Lewis Grizzard has a way with words and said, “Spring time is the land awakening. The March winds are the morning yawn.’

Happy Spring!

 

One Look at Bravery

One of my choices for the new year is to read and write more. In looking at our home with a modicum of reality, we might be called “book poor.” I tend to describe it as “book rich.”

Yes, there are stacks of books in every room of our home, as well as in attic boxes. Five book shelves are packed two deep with others on layered on top. Baskets of books are in all the rooms, including the kitchen with my well-loved recipe books. (I treasure those that my grandmothers used.)

I am in total agreement with Erasmus when he said, “When I have a little money, I buy books; and if I have any left, I buy food and clothes.”

Two new books were part of my Christmas, and I am halfway through Louise Penny’s new book,  Kingdom of the Blind. And, as usual, this Canadian author had me hooked in only a few pages.

I believe I have to agree with Jane Austen in Pride and Prejudice, “I shall be miserable if I have not an excellent library.”

Many eighteenth century women lived on the fringes of written records. Their exploits of tending hearth and home were not the tales of warriors on the battlefield or politicians changing America. Few letters or diaries recount their daily lives of survival, and portraits are even more rare.

My first four books were about Revolutionary War heroines in South Carolina. I immersed myself in that period of history. The role of women, as not only homemakers but vigilant defenders of their turfs themselves, continues to amaze me.

Elizabeth Hutchinson Jackson left her home and parents for the colonies, survived early widowhood, and successfully raised three sons. Life-altering events raised havoc in her life, but she refused to be defeated.

With her two youngest sons, Robert and Andrew, confined in the filthy Camden jail by the British, Elizabeth demanded a prisoner exchange.

Read how this might have worked out in the spring of 1780….

“My Lord, I beseech your pardon for my two sons, Robert and Andy Jackson.
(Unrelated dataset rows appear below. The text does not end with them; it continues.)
(* Let $c \in (0,1/2]$, $t_1 \in [0,1-2c]$, $t_2 \in [t_1+c,1-c]$, and let $p,q \in (0,1)$ with $p \neq q$. Let $F$, $\Lambda_{p,q}$ and $\gamma_r$ be as described in the context. Then for every $r\in\Lambda_{p,q}$, \[ \int_{F\times F}(x-y)\,d\gamma_r(x,y) = \frac{4(t_2-t_1)(q-r)(p-r)}{(p-q)\big(1-c+c(p+q-2r)\big)} - \left(\frac{p+q-2r}{p-q}\right)\int_{F\times F}|x-y|\,d\gamma_r(x,y). \]
   Context: Let $S_1(x)=cx+t_1$ and $S_2(x)=cx+t_2$ on $[0,1]$. Let $F\subseteq[0,1]$ be the unique nonempty compact set with $F=S_1(F)\cup S_2(F)$. For $p\in(0,1)$, $\mu_p$ is the unique Borel probability measure with $\mu_p = p\,\mu_p\circ S_1^{-1} + (1-p)\,\mu_p\circ S_2^{-1}$. On $[0,1]^2$ define $S_{i,j}(x,y)=(S_i(x),S_j(y))$ for $i,j\in\{1,2\}$. Let $\Lambda_{p,q}$ be the open interval $\max\{0,p+q-1\}<r<\min\{p,q\}$. For $r\in\Lambda_{p,q}$, $\gamma_r$ is the unique Borel probability measure on $[0,1]^2$ satisfying $\gamma_r = r\,\gamma_r\circ S_{1,1}^{-1} + (p-r)\,\gamma_r\circ S_{1,2}^{-1} + (q-r)\,\gamma_r\circ S_{2,1}^{-1} + (1-p-q+r)\,\gamma_r\circ S_{2,2}^{-1}$; it is supported on $F\times F$ and is a coupling of $\mu_p$ and $\mu_q$. *)

From HB Require Import structures.
From mathcomp Require Import all_boot all_order all_algebra.
From mathcomp Require Import all_classical all_reals all_analysis.
Set Implicit Arguments. Unset Strict Implicit. Unset Printing Implicit Defensive.
Import Order.TTheory GRing.Theory Num.Theory.
Import numFieldNormedType.Exports.
Local Open Scope classical_set_scope.
Local Open Scope ring_scope.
Word has it that a prisoner exchange is being discussed, and I beg you to add their names to the list. The youngest has only turned fourteen, and Robert is sixteen. I will take responsibility for their future actions,” spoke the seemingly composed, though bedraggled, mother.

Her lilting Irish accent caught Lord Rawdon unawares. Yes, the men in his regiment from Ireland still spoke with their Irish brogue, but the soft and feminine inflections of Elizabeth’s speech obliged him to think of home and his family.

Rawdon did not immediately reply. Looking through the stack of papers on his desk, Rawdon found the list he sought. It was this morning’s registry of those prisoners afflicted with smallpox. Quickly scanning the record, he saw both Robert and Andy Jackson’s names.

A glint in his eye appeared, as he thought how to satisfy the Patriot mother and also protect his men. Allowing the exchange of these sick boys would take the dreaded disease to their home and community and also rid his prison of two with the revolting disease.

Looking up into Elizabeth’s expectant eyes, Rawdon finally answered the silent mother.

“It appears that both your sons have contracted smallpox. I believe it will be best for them to be part of our trade for prisoners. You may pick them up tomorrow.”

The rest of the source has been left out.